*WHAT YOU ARE ASKED TO DO:*
Nothing but the lines below between the line holding "rewrite -yz_i tpermR" and the line holding "rewrite /ball_inter -/S", inclusive, should appear in the answer, each set down exactly.

══ GIVEN INFORMATION

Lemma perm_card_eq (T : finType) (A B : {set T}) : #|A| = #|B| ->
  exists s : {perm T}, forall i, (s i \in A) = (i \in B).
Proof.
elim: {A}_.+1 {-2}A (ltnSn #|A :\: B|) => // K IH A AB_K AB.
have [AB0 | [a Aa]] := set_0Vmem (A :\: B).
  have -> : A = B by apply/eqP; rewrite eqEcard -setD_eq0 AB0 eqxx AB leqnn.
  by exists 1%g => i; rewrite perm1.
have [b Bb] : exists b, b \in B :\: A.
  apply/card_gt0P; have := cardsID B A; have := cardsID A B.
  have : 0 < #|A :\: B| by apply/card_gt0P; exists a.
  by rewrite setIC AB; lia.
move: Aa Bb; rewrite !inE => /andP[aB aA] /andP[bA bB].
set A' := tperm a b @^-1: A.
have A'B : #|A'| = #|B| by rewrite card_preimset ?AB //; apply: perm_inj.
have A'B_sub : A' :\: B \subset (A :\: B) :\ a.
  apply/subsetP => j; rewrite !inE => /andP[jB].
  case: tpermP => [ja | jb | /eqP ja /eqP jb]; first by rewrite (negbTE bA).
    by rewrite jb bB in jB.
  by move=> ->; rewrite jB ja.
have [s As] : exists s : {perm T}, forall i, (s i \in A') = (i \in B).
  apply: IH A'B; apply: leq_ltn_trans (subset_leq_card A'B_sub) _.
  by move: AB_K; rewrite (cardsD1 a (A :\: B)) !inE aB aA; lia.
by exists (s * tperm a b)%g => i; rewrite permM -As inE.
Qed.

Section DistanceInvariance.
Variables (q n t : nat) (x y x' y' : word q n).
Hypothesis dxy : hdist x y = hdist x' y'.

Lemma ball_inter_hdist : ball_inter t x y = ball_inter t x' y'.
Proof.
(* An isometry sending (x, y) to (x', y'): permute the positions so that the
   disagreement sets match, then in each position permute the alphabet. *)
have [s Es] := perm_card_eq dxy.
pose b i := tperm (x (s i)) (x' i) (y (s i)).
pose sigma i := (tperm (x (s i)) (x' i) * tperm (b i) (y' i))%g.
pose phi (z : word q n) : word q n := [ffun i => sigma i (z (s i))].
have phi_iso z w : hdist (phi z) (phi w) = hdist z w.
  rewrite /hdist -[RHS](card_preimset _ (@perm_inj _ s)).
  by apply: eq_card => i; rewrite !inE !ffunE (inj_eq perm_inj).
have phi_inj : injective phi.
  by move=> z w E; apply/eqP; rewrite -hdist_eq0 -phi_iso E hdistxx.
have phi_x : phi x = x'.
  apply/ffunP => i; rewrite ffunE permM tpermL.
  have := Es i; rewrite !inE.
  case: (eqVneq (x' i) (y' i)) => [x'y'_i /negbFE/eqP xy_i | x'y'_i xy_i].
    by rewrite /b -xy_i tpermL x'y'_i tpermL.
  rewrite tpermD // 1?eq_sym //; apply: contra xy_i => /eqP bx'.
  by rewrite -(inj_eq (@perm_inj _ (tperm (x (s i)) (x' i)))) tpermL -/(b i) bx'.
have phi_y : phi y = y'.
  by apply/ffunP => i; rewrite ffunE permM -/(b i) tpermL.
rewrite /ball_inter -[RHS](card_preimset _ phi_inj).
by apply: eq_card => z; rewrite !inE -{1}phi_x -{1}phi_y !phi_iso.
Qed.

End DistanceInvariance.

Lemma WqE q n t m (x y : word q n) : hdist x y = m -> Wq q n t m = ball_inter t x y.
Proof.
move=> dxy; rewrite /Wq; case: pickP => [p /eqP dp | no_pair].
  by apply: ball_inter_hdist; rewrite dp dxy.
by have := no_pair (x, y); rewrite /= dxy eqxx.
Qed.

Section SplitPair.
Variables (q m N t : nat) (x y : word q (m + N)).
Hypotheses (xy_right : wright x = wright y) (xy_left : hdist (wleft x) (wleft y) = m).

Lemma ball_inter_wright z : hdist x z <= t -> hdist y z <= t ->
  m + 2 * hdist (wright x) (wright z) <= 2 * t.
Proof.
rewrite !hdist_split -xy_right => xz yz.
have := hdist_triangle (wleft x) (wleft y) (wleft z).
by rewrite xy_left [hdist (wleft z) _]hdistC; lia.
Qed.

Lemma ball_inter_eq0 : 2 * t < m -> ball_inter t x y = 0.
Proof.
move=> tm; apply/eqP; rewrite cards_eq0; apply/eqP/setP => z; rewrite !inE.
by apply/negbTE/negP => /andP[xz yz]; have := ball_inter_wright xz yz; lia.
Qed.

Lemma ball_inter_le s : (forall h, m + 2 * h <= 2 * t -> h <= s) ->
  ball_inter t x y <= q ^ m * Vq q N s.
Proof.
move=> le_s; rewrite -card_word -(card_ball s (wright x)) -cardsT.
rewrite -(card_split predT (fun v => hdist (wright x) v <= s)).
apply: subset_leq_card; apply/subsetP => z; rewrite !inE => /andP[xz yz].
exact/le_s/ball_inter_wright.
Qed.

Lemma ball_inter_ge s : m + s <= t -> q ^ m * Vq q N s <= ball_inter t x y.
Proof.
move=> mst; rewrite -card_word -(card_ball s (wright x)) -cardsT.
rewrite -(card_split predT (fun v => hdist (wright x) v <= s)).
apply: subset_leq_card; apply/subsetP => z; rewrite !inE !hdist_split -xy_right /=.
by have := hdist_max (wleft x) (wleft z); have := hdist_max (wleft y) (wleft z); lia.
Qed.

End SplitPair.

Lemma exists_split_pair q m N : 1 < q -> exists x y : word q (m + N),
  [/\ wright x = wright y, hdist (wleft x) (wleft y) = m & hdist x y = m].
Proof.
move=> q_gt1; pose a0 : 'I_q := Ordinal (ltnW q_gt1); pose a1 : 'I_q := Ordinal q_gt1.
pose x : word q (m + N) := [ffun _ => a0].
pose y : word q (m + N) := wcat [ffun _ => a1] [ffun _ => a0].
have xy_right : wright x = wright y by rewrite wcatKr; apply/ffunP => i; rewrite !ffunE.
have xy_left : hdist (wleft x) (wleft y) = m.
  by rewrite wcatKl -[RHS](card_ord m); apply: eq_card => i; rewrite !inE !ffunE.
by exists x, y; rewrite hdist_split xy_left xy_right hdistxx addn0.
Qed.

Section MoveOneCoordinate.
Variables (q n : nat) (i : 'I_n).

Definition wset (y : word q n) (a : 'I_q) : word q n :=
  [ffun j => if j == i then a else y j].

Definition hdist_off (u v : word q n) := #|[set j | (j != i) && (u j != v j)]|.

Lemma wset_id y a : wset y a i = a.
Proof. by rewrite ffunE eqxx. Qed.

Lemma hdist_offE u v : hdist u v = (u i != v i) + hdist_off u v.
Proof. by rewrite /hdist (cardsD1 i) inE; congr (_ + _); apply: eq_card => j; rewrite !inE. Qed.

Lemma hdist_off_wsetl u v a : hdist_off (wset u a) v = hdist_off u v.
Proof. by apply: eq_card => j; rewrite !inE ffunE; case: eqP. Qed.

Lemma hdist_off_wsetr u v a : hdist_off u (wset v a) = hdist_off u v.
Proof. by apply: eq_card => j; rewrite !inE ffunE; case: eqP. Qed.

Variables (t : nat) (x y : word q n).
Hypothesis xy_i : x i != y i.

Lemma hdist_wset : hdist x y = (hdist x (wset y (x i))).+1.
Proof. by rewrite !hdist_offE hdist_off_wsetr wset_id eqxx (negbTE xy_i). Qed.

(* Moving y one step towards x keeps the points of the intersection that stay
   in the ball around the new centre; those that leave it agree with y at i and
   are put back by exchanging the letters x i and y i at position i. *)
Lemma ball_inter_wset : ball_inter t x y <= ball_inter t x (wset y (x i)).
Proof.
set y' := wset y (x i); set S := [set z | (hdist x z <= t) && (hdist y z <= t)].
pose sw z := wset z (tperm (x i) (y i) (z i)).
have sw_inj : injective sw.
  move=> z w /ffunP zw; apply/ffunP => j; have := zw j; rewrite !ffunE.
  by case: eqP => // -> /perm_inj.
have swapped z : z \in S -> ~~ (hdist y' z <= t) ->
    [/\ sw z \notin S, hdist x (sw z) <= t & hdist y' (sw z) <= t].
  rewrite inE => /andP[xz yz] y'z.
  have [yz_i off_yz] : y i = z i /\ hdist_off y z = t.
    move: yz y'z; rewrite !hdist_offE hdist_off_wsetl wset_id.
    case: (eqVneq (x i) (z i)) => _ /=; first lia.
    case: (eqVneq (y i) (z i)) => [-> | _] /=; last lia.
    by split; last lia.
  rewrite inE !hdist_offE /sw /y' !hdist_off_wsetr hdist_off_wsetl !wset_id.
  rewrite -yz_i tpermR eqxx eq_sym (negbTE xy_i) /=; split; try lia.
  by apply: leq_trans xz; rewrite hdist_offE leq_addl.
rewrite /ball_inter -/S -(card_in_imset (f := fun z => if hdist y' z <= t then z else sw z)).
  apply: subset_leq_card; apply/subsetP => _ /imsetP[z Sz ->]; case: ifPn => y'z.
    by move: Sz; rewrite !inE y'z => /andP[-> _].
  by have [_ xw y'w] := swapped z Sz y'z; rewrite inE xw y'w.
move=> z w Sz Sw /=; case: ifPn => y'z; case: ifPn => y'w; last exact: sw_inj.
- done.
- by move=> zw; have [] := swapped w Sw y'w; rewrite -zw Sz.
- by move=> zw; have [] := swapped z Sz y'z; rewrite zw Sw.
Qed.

════

*FINISHED TASK:*
  rewrite -yz_i tpermR eqxx eq_sym (negbTE xy_i) /=; split; try lia.
  by apply: leq_trans xz; rewrite hdist_offE leq_addl.
rewrite /ball_inter -/S -(card_in_imset (f := fun z => if hdist y' z <= t then z else sw z)).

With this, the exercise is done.